> _Data excerpts_
···

Lemma word_prob_rate_bound m n f0 (E : (nat -> R) -> Prop) r w :
  pmf m f0 -> (1 <= n)%nat -> In w (words m n) ->
  (forall f D, pmf m f -> E f -> KL m f f0 = Some D -> r <= D) ->
  word_prob f0 w * indic (E (emp w)) <= exp (- INR n * r) * word_prob (emp w) w.
Proof.
  intros Hf0 Hn Hw Hrate. destruct (words_mem _ _ _ Hw) as [Hl Ha].
  assert (Hml : 0 <= word_prob (emp w) w)
    by (apply word_prob_nonneg; intros; apply emp_nonneg; lia).
  assert (HE : 0 <= exp (- INR n * r)) by (left; apply exp_pos).
  unfold indic. destruct (excluded_middle_informative (E (emp w))) as [HEw |]; [| nra].
  destruct (classic (exists b, In b w /\ f0 b = 0)) as [[b [Hb Hb0]] | Hno].
  - rewrite (word_prob_zero f0 w b Hb Hb0). nra.
  - destruct (word_prob_by_type m n f0 w Hf0 Hw Hn) as [D [HK ->]].
    { intros b Hb Hb0. apply Hno. exists b; auto. }
    pose proof (Hrate _ _ (emp_pmf m n w Hw Hn) HEw HK).
    assert (0 < INR n) by (apply lt_0_INR; lia).
    rewrite Rmult_1_r, Rmult_comm. apply Rmult_le_compat_r; auto.
    apply exp_le_compat. nra.
Qed.

Lemma Pinf_types_bound m n f0 (E : (nat -> R) -> Prop) r : pmf m f0 -> (1 <= n)%nat ->
  (forall f D, pmf m f -> E f -> KL m f f0 = Some D -> r <= D) ->
  Pinf m n f0 E <= (INR n + 1) ^ m * exp (- INR n * r).
Proof.
  intros Hf0 Hn Hrate.
  change (lsum (words m n) (fun w => word_prob f0 w * indic (E (emp w)))
          <= (INR n + 1) ^ m * exp (- INR n * r)).
  eapply Rle_trans.
  { apply lsum_le. intros w Hw. apply (word_prob_rate_bound m n f0 E r w); auto. }
  rewrite lsum_scal, Rmult_comm.
  apply Rmult_le_compat_r; [left; apply exp_pos | apply ml_prob_sum_le; auto].
Qed.

Lemma lipschitz_const_pos m q L f g : lipschitz m q L -> pmf m f -> pmf m g -> q g < q f -> 0 < L.
Proof.
  intros HL Hf Hg Hlt.
  pose proof (HL f g Hf Hg). pose proof (l1_nonneg m f g).
  assert (0 < Rabs (q f - q g)) by (rewrite Rabs_pos_eq; lra).
  destruct (Rle_lt_dec L 0); auto. nra.
Qed.

Lemma margin_le_l1 m q L f0 g cS : lipschitz m q L -> 0 < L -> pmf m g -> pmf m f0 ->
  cS <= q g -> Rmax (cS - q f0) 0 ^ 2 / (2 * L ^ 2) <= l1 m g f0 ^ 2 / 2.
Proof.
  intros HL HLpos Hg Hf0 HqS.
  pose proof (HL g f0 Hg Hf0) as Hlip. pose proof (l1_nonneg m g f0) as Hl1.
  set (l := l1 m g f0) in *. set (r := Rmax (cS - q f0) 0).
  assert (Hr : 0 <= r <= L * l).
  { split; [apply Rmax_r |]. apply Rmax_lub; [| nra].
    pose proof (Rle_abs (q g - q f0)). lra. }
  assert (r ^ 2 <= (L * l) ^ 2) by (apply pow_incr; auto).
  apply (Rmult_le_reg_r (2 * L ^ 2)); [nra |].
  replace (r ^ 2 / (2 * L ^ 2) * (2 * L ^ 2)) with (r ^ 2) by (field; lra).
  replace (l ^ 2 / 2 * (2 * L ^ 2)) with ((L * l) ^ 2) by (field; lra).
  assumption.
Qed.

(* The constraint set {q >= cS} is convex (q is quasiconcave), so the I-projection
   is optimal along every segment towards a feasible f: the Pythagorean inequality
   D(f||f0) >= D(fstar||f0) + D(f||fstar) applies. *)
Lemma Iproj_pythagorean m q cS f0 fstar f D :
  pmf m f0 -> quasiconcave m q -> is_Iproj m q cS f0 fstar ->
  pmf m f -> cS <= q f -> KL m f f0 = Some D ->
  exists Dg Dfg, KL m fstar f0 = Some Dg /\ KL m f fstar = Some Dfg /\ Dg + Dfg <= D.
Proof.
  intros Hf0 Hqc [Hs_pmf [Hs_q Hs_min]] Hf HqF HK.
  pose proof (Hs_min f Hf HqF) as Hm. rewrite HK in Hm.
  destruct (KL m fstar f0) as [Dg |] eqn:HKg; [| destruct Hm].
  destruct (KL_pythagorean m f0 fstar f D Dg Hf0 Hs_pmf Hf HK HKg) as [Dfg [HKfg Hle]].
  - intros t Ht.
    assert (Hmix : pmf m (mix t f fstar)) by (apply mix_pmf; auto; lra).
    apply (Hs_min _ Hmix).
    eapply Rle_trans; [| apply (Hqc f fstar t Hf Hs_pmf); lra].
    apply Rmin_glb; auto.
  - exists Dg, Dfg. auto.
Qed.
Lemma Ncount_pull (D1 D2 : finType) (h : D1 -> D2) (A : {pred D2})
    (om : interp ar D2) f :
  injective h -> codom h =i A -> Ncount (pull h om) f = count_on om f A.
Proof.
move=> h_inj h_A.
pose hg (g : {ffun 'I_(arity f) -> D1}) : {ffun 'I_(arity f) -> D2} :=
  [ffun i => h (g i)].
have hg_inj : injective hg.
  move=> g1 g2 /ffunP g12; apply/ffunP => i; apply: h_inj.
  by have := g12 i; rewrite !ffunE.
have holds_hg g : holds om (assign (hg g)) f = holds (pull h om) (assign g) f.
  by rewrite holds_pull // (eq_holds _ _ (assign_comp h g)).
rewrite /Ncount -(card_imset _ hg_inj); apply: eq_card => g'; rewrite inE.
apply/imsetP/idP => [[g]|/andP[/andP[g'_inj g'_holds] /forallP g'_A]].
  rewrite inE => /andP[/injectiveP g_inj g_holds] ->.
  rewrite holds_hg g_holds andbT; apply/andP; split.
    by apply/injectiveP => i j; rewrite !ffunE => /h_inj /g_inj.
  by apply/forallP => i; rewrite ffunE -h_A codom_f.
have [g g_h] : exists g : {ffun 'I_(arity f) -> D1}, forall i, h (g i) = g' i.
  have /fin_all_exists[u u_h] : forall i, exists x, h x = g' i.
    by move=> i; move: (g'_A i); rewrite -h_A => /codomP[x ->]; exists x.
  by exists (finfun u) => i; rewrite ffunE.
have g'E : g' = hg g by apply/ffunP => i; rewrite ffunE g_h.
subst g'; exists g => //; rewrite inE -holds_hg g'_holds andbT.
apply/injectiveP => i j gij; apply: (injectiveP _ g'_inj).
by rewrite !ffunE gij.
Qed.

···

> _Work order_
Looking at the material above, please copy exactly every line from its first line through the line containing "assert (Hml : 0 <= word_prob (emp w) w)", with both ends included and nothing else.

> _Solution_
Lemma word_prob_rate_bound m n f0 (E : (nat -> R) -> Prop) r w :
  pmf m f0 -> (1 <= n)%nat -> In w (words m n) ->
  (forall f D, pmf m f -> E f -> KL m f f0 = Some D -> r <= D) ->
  word_prob f0 w * indic (E (emp w)) <= exp (- INR n * r) * word_prob (emp w) w.
Proof.
  intros Hf0 Hn Hw Hrate. destruct (words_mem _ _ _ Hw) as [Hl Ha].
  assert (Hml : 0 <= word_prob (emp w) w)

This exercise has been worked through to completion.